▸ Your task
Provide again, from the entries below, every line from the one containing "Lemma alpha_glb_natural u" through the one containing "Lemma cons_subseq_cons (T", exactly as written, and no other line.

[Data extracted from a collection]
▬▬▬▬▬▬
Lemma below_on_overlap_is_downsheaf u v (b : sec F v) :
  downsheaf u (below_on_overlap b).
Proof.
  unfold below_on_overlap; split; [|split].
  - intros w _ x y Hy Hxy; eapply ple_trans; [apply res_mono, Hxy | exact Hy].
  - intros v' w _ h x Hx.
    pose (m := fmeet_glb (fmeet_l v w) (fle_trans (fmeet_r v w) h)).
    rewrite (resF_comp h (fmeet_r v w) (fle_trans (fmeet_r v w) h)),
      <- (resF_comp (fmeet_r v v') m), <- (resF_comp (fmeet_l v v') m (fmeet_l v w)).
    apply res_mono, Hx.
  - intros v' I vi hle _ cov s compat Hs.
    destruct (psh_sheaf hle cov compat) as [t [Ht _]].
    exists t; split; [|exact Ht].
    pose (hle' := fun i =>
      fmeet_glb (fmeet_l v (vi i)) (fle_trans (fmeet_r v (vi i)) (hle i))).
    apply (pos3 (hle := hle') (covers_fmeet v cov)); intro i.
    rewrite (resF_comp (fmeet_r v v') (hle' i) (fle_trans (fmeet_r v (vi i)) (hle i))),
      <- (resF_comp (hle i) (fmeet_r v (vi i))), Ht,
      (resF_comp (fmeet_l v v') (hle' i) (fmeet_l v (vi i))).
    apply Hs.
Qed.

Section LeftAdjointOfDown.
Variable alpha : forall u (G : forall v : X, sec F v -> Prop), downsheaf u G -> sec F u.
Hypothesis alpha_adj : is_left_adjoint_of_down alpha.

Lemma alpha_ub u G (pG : downsheaf u G) v (hv : fle v u) y :
  G v y -> ple F y (res F hv (alpha pG)).
Proof.
  intro Gy.
  destruct (proj1 (proj2 (proj2 alpha_adj) u G pG u (alpha pG))) as [_ Hsub].
  - exists (fle_refl u); rewrite resF_id; apply ple_refl.
  - destruct (Hsub v hv y Gy) as [h' Hy]; rewrite (resF_pi hv h'); exact Hy.
Qed.

Lemma alpha_least u G (pG : downsheaf u G) (x : sec F u) :
  (forall v (hv : fle v u) y, G v y -> ple F y (res F hv x)) -> ple F (alpha pG) x.
Proof.
  intro Hx.
  destruct (proj2 (proj2 (proj2 alpha_adj) u G pG u x)) as [h Hh].
  - split; [apply fle_refl|]; intros v hv y Gy; exists hv; auto.
  - rewrite resF_id in Hh; exact Hh.
Qed.

Lemma alpha_down d (b : sec F d) (p : downsheaf d (down b)) : alpha p = b.
Proof.
  apply ple_antisym.
  - apply alpha_least; intros v hv y [h Hy]; rewrite (resF_pi hv h); auto.
  - rewrite <- (resF_id (fle_refl d) (alpha p)); apply alpha_ub.
    exists (fle_refl d); rewrite resF_id; apply ple_refl.
Qed.

Lemma alpha_generated_is_lub_res u (S : sec F u -> Prop) v (hv : fle v u)
    (p : downsheaf v (generated_downsheaf S)) :
  is_lub (ple F) (image (res F hv) S) (alpha p).
Proof.
  split.
  - intros x [s [Hs ->]].
    rewrite <- (resF_id (fle_refl v) (alpha p)); apply alpha_ub.
    intros K pK HS; apply (proj1 (proj2 pK) u v (fle_refl u) hv s (HS s Hs)).
  - intros b Hb; apply alpha_least; intros w hw y Dy.
    assert (HSb : forall s, S s -> below_on_overlap b s).
    { intros s Hs; unfold below_on_overlap.
      rewrite <- (resF_comp hv (fmeet_l v u) (fmeet_r v u)).
      apply res_mono, Hb; exists s; auto. }
    pose proof (Dy _ (below_on_overlap_is_downsheaf u b) HSb) as Hy.
    apply (pos3 (hle := fun _ => fmeet_r v w)
             (covers_const (fmeet_glb hw (fle_refl w)) (fmeet_r v w))); intros _.
    rewrite (resF_comp hw (fmeet_r v w) (fmeet_l v w)); exact Hy.
Qed.

Lemma alpha_generated_is_lub u (S : sec F u -> Prop) :
  is_lub (ple F) S (alpha (generated_downsheaf_is_downsheaf S)).
Proof.
  eapply is_lub_ext; [|apply (alpha_generated_is_lub_res (fle_refl u))]; intro x; split.
  - intros [s [Hs ->]]; rewrite resF_id; auto.
  - intros Hx; exists x; rewrite resF_id; auto.
Qed.

Definition extend u v (y : sec F v) : sec F u :=
  alpha (down_is_downsheaf u y).

Lemma res_extend u v (h : fle v u) y : res F h (extend u y) = y.
Proof.
  unfold extend; rewrite <- (proj1 alpha_adj u v h _ _ (down_is_downsheaf v y)).
  apply alpha_down.
Qed.

Lemma extend_galois u v (h : fle v u) y x :
  ple F (extend u y) x <-> ple F y (res F h x).
Proof.
  split; intro Hyx.
  - rewrite <- (res_extend h y) at 1; apply res_mono, Hyx.
  - apply alpha_least; intros w hw z [h' Hz].
    eapply ple_trans; [exact Hz|].
    rewrite <- (resF_comp h h' hw); apply res_mono, Hyx.
Qed.

Lemma complete_posheaf_lattices u : complete_lattice (ple F (u := u)).
Proof.
  assert (Hlub : forall S : sec F u -> Prop, exists s, is_lub (ple F) S s)
    by (intro S; eexists; apply alpha_generated_is_lub).
  split; [exact Hlub | exact (glbs_of_lubs Hlub)].
Qed.

Lemma complete_posheaf_restrictions u v (h : fle v u) :
  surjective (res F h) /\
  preserves_sups (ple F (u := u)) (ple F (u := v)) (res F h) /\
  preserves_infs (ple F (u := u)) (ple F (u := v)) (res F h).
Proof.
  split; [|split].
  - intro y; exists (extend u y); apply res_extend.
  - intros S s Hs.
    rewrite (is_lub_unique (@ple_antisym _ F u) Hs (alpha_generated_is_lub S)),
      <- (proj1 alpha_adj u v h _ _
            (downsheaf_restrict (generated_downsheaf_is_downsheaf S) h)).
    apply alpha_generated_is_lub_res.
  - apply (right_adjoint_preserves_infs (l := @extend u v)); [apply res_mono|].
    intros; apply extend_galois.
Qed.

End LeftAdjointOfDown.

Section CompleteLatticeSheaf.
Hypothesis lattices : forall u : X, complete_lattice (ple F (u := u)).
Hypothesis restrictions : forall u v (h : fle v u),
  surjective (res F h) /\
  preserves_sups (ple F (u := u)) (ple F (u := v)) (res F h) /\
  preserves_infs (ple F (u := u)) (ple F (u := v)) (res F h).

Definition lub u (S : sec F u -> Prop) : sec F u :=
  proj1_sig (constructive_indefinite_description _ (proj1 (lattices u) S)).

Lemma lub_spec u (S : sec F u -> Prop) : is_lub (ple F) S (lub S).
Proof. unfold lub; destruct constructive_indefinite_description; auto. Qed.

Definition glb u (S : sec F u -> Prop) : sec F u :=
  proj1_sig (constructive_indefinite_description _ (proj2 (lattices u) S)).

Lemma glb_spec u (S : sec F u -> Prop) : is_glb (ple F) S (glb S).
Proof. unfold glb; destruct constructive_indefinite_description; auto. Qed.

Lemma res_glb u v (h : fle v u) (S : sec F u -> Prop) :
  is_glb (ple F) (image (res F h) S) (res F h (glb S)).
Proof. apply (proj2 (proj2 (restrictions h))), glb_spec. Qed.

Lemma res_lub u v (h : fle v u) (S : sec F u -> Prop) :
  is_lub (ple F) (image (res F h) S) (res F h (lub S)).
Proof. apply (proj1 (proj2 (restrictions h))), lub_spec. Qed.

Definition bounds u (G : forall v : X, sec F v -> Prop) (z : sec F u) : Prop :=
  forall w (h : fle w u) y, G w y -> ple F y (res F h z).

Definition alpha_glb u (G : forall v : X, sec F v -> Prop) (_ : downsheaf u G) : sec F u :=
  glb (bounds G).

Lemma glb_bounds u G : bounds G (glb (u := u) (bounds G)).
Proof.
  intros w h y Gy; apply (proj2 (res_glb h (bounds G))).
  intros x [z [Hz ->]]; apply Hz, Gy.
Qed.

Lemma glb_bounds_least u G (z : sec F u) : bounds G z -> ple F (glb (bounds G)) z.
Proof. intro Hz; apply (proj1 (glb_spec (bounds G))), Hz. Qed.

Lemma alpha_glb_galois d1 G (p : downsheaf d1 G) d2 (x : sec F d2) :
  ptleF (alpha_glb p) x <-> ptleD d1 G d2 (down x).
Proof.
  unfold alpha_glb; split.
  - intros [h Hh]; split; [exact h|]; intros v hv y Gy.
    exists (fle_trans hv h); eapply ple_trans; [apply (@glb_bounds d1 G v hv y Gy)|].
    rewrite <- (resF_comp h hv); apply res_mono, Hh.
  - intros [h Hh]; exists h; apply glb_bounds_least; intros w hw y Gy.
    destruct (Hh w hw y Gy) as [h' Hy]; rewrite (resF_comp h hw h'); exact Hy.
Qed.

Lemma shrink_to_agree w c (h : fle c w) (a : sec F w) (r : sec F c) :
  ple F r (res F h a) -> exists a', ple F a' a /\ res F h a' = r.
Proof.
  intros Hra; destruct (proj1 (restrictions h) r) as [s Hs].
  set (P := fun x : sec F w => x = a \/ x = s).
  exists (glb P); split; [apply (proj1 (glb_spec P)); left; reflexivity|].
  apply (is_glb_unique (@ple_antisym _ F c) (res_glb h P)); split.
  - intros x [x0 [[-> | ->] ->]]; [exact Hra | rewrite Hs; apply ple_refl].
  - intros b Hb; rewrite <- Hs; apply Hb; exists s; split; [right|]; reflexivity.
Qed.

Lemma glue_pair_extend u w w' (h : fle w u) (h' : fle w' u) (x : sec F w) (y : sec F w') :
  res F (fmeet_l w w') x = res F (fmeet_r w w') y ->
  exists n : sec F u, res F h n = x /\ res F h' n = y.
Proof.
  intros Hxy; destruct (glue_pair Hxy) as [t [Htx Hty]].
  assert (hp : fle (fsup (fun c => c = w \/ c = w')) u)
    by (apply fsup_least; intros c [-> | ->]; assumption).
  destruct (proj1 (restrictions hp) t) as [n <-].
  exists n; split; [rewrite <- Htx | rewrite <- Hty]; symmetry; apply resF_comp.
Qed.

Lemma bound_extension u w w' (h : fle w u) (h' : fle w' u) G (pG : downsheaf u G)
    (a : sec F w) (y : sec F w') :
  bounds G a -> G w' y -> exists n : sec F u, ple F (res F h n) a /\ res F h' n = y.
Proof.
  intros Ha Gy.
  assert (Gc : G (fmeet w w') (res F (fmeet_r w w') y))
    by apply (proj1 (proj2 pG) w' _ h' (fmeet_r w w') y Gy).
  destruct (shrink_to_agree (Ha _ (fmeet_l w w') _ Gc)) as [a' [Ha'a Ha'y]].
  destruct (glue_pair_extend h h' Ha'y) as [n [Hna' Hny]].
  exists n; rewrite Hna'; auto.
Qed.

Lemma alpha_glb_natural u w (h : fle w u) G (pu : downsheaf u G)
    (pw : downsheaf w G) :
  alpha_glb pw = res F h (alpha_glb pu).
Proof.
  unfold alpha_glb; apply ple_antisym.
  - apply glb_bounds_least; intros w' h' y Gy.
    rewrite (resF_comp h h' (fle_trans h' h)); apply glb_bounds, Gy.
  - set (Z := fun z : sec F u => ple F (res F h z) (glb (bounds (u := w) G))).
    eapply ple_trans; [apply res_mono | apply (proj2 (res_lub h Z))].
    + apply glb_bounds_least; intros w' h' y Gy.
      destruct (bound_extension h h' pu (@glb_bounds w G) Gy) as [n [HnZ <-]].
      apply res_mono, (proj1 (lub_spec Z)), HnZ.
    + intros x [z [Hz ->]]; exact Hz.
Qed.
Lemma cons_subseq_cons (T : eqType) (a x : T) s l :
  subseq (a :: s) (x :: l) = if a == x then subseq s l else subseq (a :: s) l.
Proof. by rewrite /=; case: (a == x). Qed.

Lemma subseq_behead (T : eqType) (b x : T) s l : subseq (b :: s) (x :: l) -> subseq s l.
Proof. by rewrite cons_subseq_cons; case: eqP => // _ /cons_subseq. Qed.

Lemma subseq_map_preim (T U : eqType) (f : T -> U) (w : seq U) (l : seq T) :
  subseq w (map f l) -> exists2 u, subseq u l & w = map f u.
Proof.
move=> /subseqP[m sz_m ->]; rewrite size_map in sz_m.
by exists (mask m l); rewrite ?mask_subseq // map_mask.
Qed.

Lemma relpre_ltn_trans n : transitive (relpre (val : 'I_n -> nat) ltn).
Proof. by move=> j i k; apply: ltn_trans. Qed.

Lemma sorted_enum_ord n : sorted (relpre val ltn) (enum 'I_n).
Proof. by rewrite -sorted_map val_enum_ord iota_ltn_sorted. Qed.

Lemma sorted_subseq_enum_ord n (u : seq 'I_n) :
  sorted (relpre val ltn) u -> subseq u (enum 'I_n).
Proof.
move=> sorted_u.
suff -> : u = filter (mem u) (enum 'I_n) by apply: filter_subseq.
apply: (irr_sorted_eq (@relpre_ltn_trans n)) => //.
- by move=> i; rewrite /= ltnn.
- apply: sorted_filter; [exact: relpre_ltn_trans | exact: sorted_enum_ord].
- by move=> i; rewrite mem_filter mem_enum andbT.
Qed.

Definition oneline n (s : 'S_n) : seq nat := [seq val (s i) | i <- enum 'I_n].

Lemma nth_oneline n (s : 'S_n) (i : 'I_n) : nth 0 (oneline s) i = s i.
Proof. by rewrite (nth_map i) ?size_enum_ord // nth_ord_enum. Qed.

Lemma oneline_inj n : injective (@oneline n).
Proof.
by move=> s s' eq_s; apply/permP => i; apply/val_inj; rewrite /= -!nth_oneline eq_s.
Qed.

Lemma perm_oneline n (s : 'S_n) : perm_eq (oneline s) (iota 0 n).
Proof.
have uniq_s : uniq (oneline s).
  by rewrite map_inj_uniq ?enum_uniq // => i j /val_inj/perm_inj.
apply: uniq_perm; rewrite ?iota_uniq // => v; rewrite mem_iota add0n.
apply/mapP/idP => [[i _ ->] | lt_v]; first exact: ltn_ord.
by exists (s^-1 (Ordinal lt_v))%g; rewrite ?mem_enum ?permKV.
Qed.

Lemma oneline_onto n l : perm_eq l (iota 0 n) -> exists s : 'S_n, oneline s = l.
Proof.
move=> perm_l; have size_l : size l = n by rewrite (perm_size perm_l) size_iota.
have lt_l (i : 'I_n) : nth 0 l i < n.
  by rewrite -(mem_perm_iota perm_l) mem_nth ?size_l.
have inj_l : injective (fun i : 'I_n => Ordinal (lt_l i)).
  move=> i j [] /eqP; rewrite nth_uniq ?size_l // => [/eqP/val_inj //|].
  by rewrite (perm_uniq perm_l) iota_uniq.
exists (perm inj_l); apply: (@eq_from_nth _ 0); first by rewrite size_map size_enum_ord.
move=> i; rewrite size_map size_enum_ord => lt_i.
by rewrite -[i]/(val (Ordinal lt_i)) nth_oneline permE.
Qed.

Definition order_iso (w q : seq nat) :=
  size w = size q /\
  forall a b : 'I_(size q), (nth 0 w a < nth 0 w b) = (nth 0 q a < nth 0 q b).

Definition seq_contains (l q : seq nat) := exists2 w, subseq w l & order_iso w q.

Lemma contains_patternE n (s : 'S_n) q :
  contains_pattern s q <-> seq_contains (oneline s) q.
Proof.
split.
  move=> /existsP[f /forallP f_occ].
  have {}f_occ (a b : 'I_(size q)) : ((a < b) ==> (f a < f b)) &&
      ((s (f a) < s (f b)) == (nth 0 q a < nth 0 q b)).
    exact: (forallP (f_occ a)).
  exists [seq val (s (f a)) | a <- enum 'I_(size q)].
    rewrite (map_comp (fun i => val (s i)) f) map_subseq //.
    apply: sorted_subseq_enum_ord; rewrite sorted_map.
    apply: sub_sorted (sorted_enum_ord _) => a b lt_ab.
    by have /andP[/implyP/(_ lt_ab)] := f_occ a b.
  split; first by rewrite size_map size_enum_ord.
  move=> a b; rewrite (nth_map a) ?size_enum_ord // nth_ord_enum.
  rewrite (nth_map a) ?size_enum_ord // nth_ord_enum.
  by have /andP[_ /eqP] := f_occ a b.
move=> [w /subseq_map_preim[u sub_u ->{w}] [sz_u iso_u]].
rewrite size_map in sz_u.
have sorted_u : sorted (relpre val ltn) u.
  by apply: subseq_sorted sub_u _; [exact: relpre_ltn_trans | exact: sorted_enum_ord].
pose f := [ffun a => tnth (in_tuple u) (cast_ord (esym sz_u) a)].
have fE a x0 : f a = nth x0 u a by rewrite ffunE (tnth_nth x0).
apply/existsP; exists f; apply/forallP => a; apply/forallP => b.
apply/andP; split.
  apply/implyP => lt_ab; rewrite (fE a (f a)) (fE b (f a)).
  by apply: (sorted_ltn_nth (@relpre_ltn_trans n) _ sorted_u); rewrite ?inE ?sz_u.
by rewrite -iso_u !(nth_map (f a)) ?sz_u // -!fE.
Qed.

Definition has123 (l : seq nat) :=
  exists a b c, subseq [:: a; b; c] l /\ a < b < c.
Definition has2143 (l : seq nat) :=
  exists a b c d, subseq [:: a; b; c; d] l /\ [/\ b < a, a < d & d < c].
Definition has3214 (l : seq nat) :=
  exists a b c d, subseq [:: a; b; c; d] l /\ [/\ c < b, b < a & a < d].

Lemma seq_contains123 l : seq_contains l [:: 1; 2; 3] <-> has123 l.
Proof.
split.
  move=> [w sub_l [sz_w iso_l]].
  case: w sz_w sub_l iso_l => [|a [|b [|c [|? ?]]]] // _ sub_l iso_l.
  have := iso_l (@Ordinal 3 0 isT) (@Ordinal 3 1 isT).
  have := iso_l (@Ordinal 3 1 isT) (@Ordinal 3 2 isT).
  by move=> /= lt_bc lt_ab; exists a, b, c; rewrite lt_ab lt_bc.
move=> [a [b [c [sub_l /andP[lt_ab lt_bc]]]]]; exists [:: a; b; c] => //; split=> //.
by case=> [[|[|[|?]]] ?] [[|[|[|?]]] ?] //=; lia.
Qed.

Lemma seq_contains2143 l : seq_contains l [:: 2; 1; 4; 3] <-> has2143 l.
Proof.
split.
  move=> [w sub_l [sz_w iso_l]].
  case: w sz_w sub_l iso_l => [|a [|b [|c [|d [|? ?]]]]] // _ sub_l iso_l.
  have := iso_l (@Ordinal 4 1 isT) (@Ordinal 4 0 isT).
  have := iso_l (@Ordinal 4 0 isT) (@Ordinal 4 3 isT).
  have := iso_l (@Ordinal 4 3 isT) (@Ordinal 4 2 isT).
  by move=> /= lt_dc lt_ad lt_ba; exists a, b, c, d; rewrite lt_ba lt_ad lt_dc.
move=> [a [b [c [d [sub_l [lt_ba lt_ad lt_dc]]]]]].
exists [:: a; b; c; d] => //; split=> //.
by case=> [[|[|[|[|?]]]] ?] [[|[|[|[|?]]]] ?] //=; lia.
Qed.

Lemma seq_contains3214 l : seq_contains l [:: 3; 2; 1; 4] <-> has3214 l.
Proof.
split.
  move=> [w sub_l [sz_w iso_l]].
  case: w sz_w sub_l iso_l => [|a [|b [|c [|d [|? ?]]]]] // _ sub_l iso_l.
  have := iso_l (@Ordinal 4 2 isT) (@Ordinal 4 1 isT).
  have := iso_l (@Ordinal 4 1 isT) (@Ordinal 4 0 isT).
  have := iso_l (@Ordinal 4 0 isT) (@Ordinal 4 3 isT).
  by move=> /= lt_ad lt_ba lt_cb; exists a, b, c, d; rewrite lt_cb lt_ba lt_ad.
move=> [a [b [c [d [sub_l [lt_cb lt_ba lt_ad]]]]]].
exists [:: a; b; c; d] => //; split=> //.
by case=> [[|[|[|[|?]]]] ?] [[|[|[|[|?]]]] ?] //=; lia.
Qed.

Definition avoider (l : seq nat) := [/\ ~ has123 l, ~ has2143 l & ~ has3214 l].

Lemma mem_S_123_2143_3214 n (s : 'S_n) :
  s \in S_123_2143_3214 n <-> avoider (oneline s).
Proof.
rewrite inE /avoids; split.
  move=> /and3P[/negP no123 /negP no2143 /negP no3214].
  by split=> [/seq_contains123 | /seq_contains2143 | /seq_contains3214]
    /contains_patternE.
move=> [no123 no2143 no3214]; apply/and3P.
by split; apply/negP=> /contains_patternE;
  [move/seq_contains123 | move/seq_contains2143 | move/seq_contains3214].
Qed.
▬▬▬▬▬▬
▸ Answer to this problem
Lemma alpha_glb_natural u w (h : fle w u) G (pu : downsheaf u G)
    (pw : downsheaf w G) :
  alpha_glb pw = res F h (alpha_glb pu).
Proof.
  unfold alpha_glb; apply ple_antisym.
  - apply glb_bounds_least; intros w' h' y Gy.
    rewrite (resF_comp h h' (fle_trans h' h)); apply glb_bounds, Gy.
  - set (Z := fun z : sec F u => ple F (res F h z) (glb (bounds (u := w) G))).
    eapply ple_trans; [apply res_mono | apply (proj2 (res_lub h Z))].
    + apply glb_bounds_least; intros w' h' y Gy.
      destruct (bound_extension h h' pu (@glb_bounds w G) Gy) as [n [HnZ <-]].
      apply res_mono, (proj1 (lub_spec Z)), HnZ.
    + intros x [z [Hz ->]]; exact Hz.
Qed.
Lemma cons_subseq_cons (T : eqType) (a x : T) s l :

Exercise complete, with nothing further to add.